● **Task objective**
Repeat only the lines below from the one containing "move=> jS [s [sn _ lk edge col]]." through the one containing "by apply/negP => /bS_col; rewrite andbF.", inclusive, exactly as written.

Data excerpts

>>>

Lemma active_down a b : ~~ has_desc_in a -> connect E a b ->
  connect active_step (a, true) (b, true).
Proof.
move=> na /connectP[q pq ->] {b}.
elim: q a na pq => [|c q IH] a na //= /andP[Eac pq].
have aS : a \notin S by apply: contra na; apply: has_desc_in_self.
have nc : ~~ has_desc_in c by apply: contra na; apply: has_desc_in_edge.
by apply: connect_trans (connect1 _) (IH c nc pq); rewrite active_step_down Eac aS.
Qed.

Lemma active_up a b : ~~ has_desc_in a -> connect E a b ->
  connect active_step (b, false) (a, false).
Proof.
move=> na /connectP[q pq ->] {b}.
elim: q a na pq => [|c q IH] a na //= /andP[Eac pq].
have nc : ~~ has_desc_in c by apply: contra na; apply: has_desc_in_edge.
have cS : c \notin S by apply: contra nc; apply: has_desc_in_self.
by apply: connect_trans (IH c nc pq) (connect1 _); rewrite active_step_up Eac (negbTE cS).
Qed.

Lemma skel_active j k : j \notin S -> skel E j k -> active j k.
Proof.
move=> jS [_ [Ejk | [Ekj | [l [Ejl Ekl conn]]]]].
- by exists true; apply: connect1; rewrite active_step_down Ejk jS.
- by exists false; apply: connect1; rewrite active_step_up Ekj (negbTE jS).
have jl : connect active_step (j, false) (l, true).
  by apply: connect1; rewrite active_step_down Ejl jS.
have [dl | ndl] := boolP (has_desc_in l).
  exists false; apply: connect_trans jl _.
  have [lS | lS] := boolP (l \in S).
    by apply: connect1; rewrite active_step_up Ekl lS.
  apply: connect_trans (active_detour lS dl) (connect1 _).
  by rewrite active_step_up Ekl (negbTE lS).
have lS : l \notin S by apply: contra ndl; apply: has_desc_in_self.
case/orP: conn => [lj | lk].
  exists false; apply: connect_trans (active_up ndl lj) (connect1 _).
  by rewrite active_step_up Ekl (negbTE lS).
by exists true; apply: connect_trans jl (active_down ndl lk).
Qed.

Lemma active_collider j k x : j \notin S -> E j x -> E k x -> x \in S -> active j k.
Proof.
move=> jS Ejx Ekx xS; exists false.
apply: (@connect_trans _ _ (x, true)); apply: connect1.
  by rewrite active_step_down Ejx jS.
by rewrite active_step_up Ekx xS.
Qed.

Lemma active_noncollider a b c : a \notin S -> b \notin S ->
  adjacent E a b -> adjacent E c b -> ~~ (E a b && E c b) -> active a c.
Proof.
rewrite /adjacent => aS bS ab cb ncol.
have [Eab | nEab] := boolP (E a b).
- have Ebc : E b c by move: cb ncol; rewrite Eab /=; case: (E c b).
  exists true; apply: (@connect_trans _ _ (b, true)); apply: connect1.
    by rewrite active_step_down Eab aS.
  by rewrite active_step_down Ebc bS.
have Eba : E b a by move: ab; rewrite (negbTE nEab).
have ab' : connect active_step (a, false) (b, false).
  by apply: connect1; rewrite active_step_up Eba (negbTE aS).
have [Ecb | nEcb] := boolP (E c b).
  exists false; apply: connect_trans ab' (connect1 _).
  by rewrite active_step_up Ecb (negbTE bS).
have Ebc : E b c by move: cb; rewrite (negbTE nEcb).
exists true; apply: connect_trans ab' (connect1 _).
by rewrite active_step_down Ebc bS.
Qed.

Lemma dconnected_active j k : j \notin S -> dconnected E j k S -> active j k.
Proof.
move=> jS [s [sn _ lk edge col]].
have reach i : i < size s -> connect active_step (j, false) (nth (j, true) s i).
  elim: i => [|i IH] ilt.
    apply: connect1; move: (edge 0 ilt); case: (nth _ s 0) => v [] /= Ev.
      by rewrite active_step_down Ev jS.
    by rewrite active_step_up Ev (negbTE jS).
  have := edge i.+1 ilt; rewrite /= (nth_map (j, true)) ?(ltnW ilt) //.
  move: (IH (ltnW ilt)) (col i ilt); rewrite /collider_at.
  case: (nth (j, true) s i) => b d; case: (nth (j, true) s i.+1) => c [] /= Rb [bS_col col_anc] Ebc.
    apply: connect_trans Rb (connect1 _); rewrite active_step_down Ebc.
    by apply/negP => /bS_col; rewrite andbF.
  rewrite andbT in bS_col col_anc; apply: (connect_trans Rb).
  have [bS | bS] := boolP (b \in S).
    by apply: connect1; rewrite active_step_up Ebc bS (bS_col bS).
  case: d {bS_col Rb} col_anc => col_anc; last first.
    by apply: connect1; rewrite active_step_up Ebc (negbTE bS).
  have [c' c'S bc'] := col_anc isT.
  have db : has_desc_in b by apply/existsP; exists c'; rewrite c'S bc'.
  apply: connect_trans (active_detour bS db) (connect1 _).
  by rewrite active_step_up Ebc (negbTE bS).
have szp : 0 < size s by case: s sn {lk edge col reach}.
have lastk : (nth (j, true) s (size s).-1).1 = k.
  by rewrite -lk -(nth_map (j, true) j) ?prednK // -(size_map fst) nth_last.
exists (nth (j, true) s (size s).-1).2.
by rewrite -lastk -surjective_pairing; apply: reach; rewrite prednK.
Qed.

<<<

● **Result**
move=> jS [s [sn _ lk edge col]].
have reach i : i < size s -> connect active_step (j, false) (nth (j, true) s i).
  elim: i => [|i IH] ilt.
    apply: connect1; move: (edge 0 ilt); case: (nth _ s 0) => v [] /= Ev.
      by rewrite active_step_down Ev jS.
    by rewrite active_step_up Ev (negbTE jS).
  have := edge i.+1 ilt; rewrite /= (nth_map (j, true)) ?(ltnW ilt) //.
  move: (IH (ltnW ilt)) (col i ilt); rewrite /collider_at.
  case: (nth (j, true) s i) => b d; case: (nth (j, true) s i.+1) => c [] /= Rb [bS_col col_anc] Ebc.
    apply: connect_trans Rb (connect1 _); rewrite active_step_down Ebc.
    by apply/negP => /bS_col; rewrite andbF.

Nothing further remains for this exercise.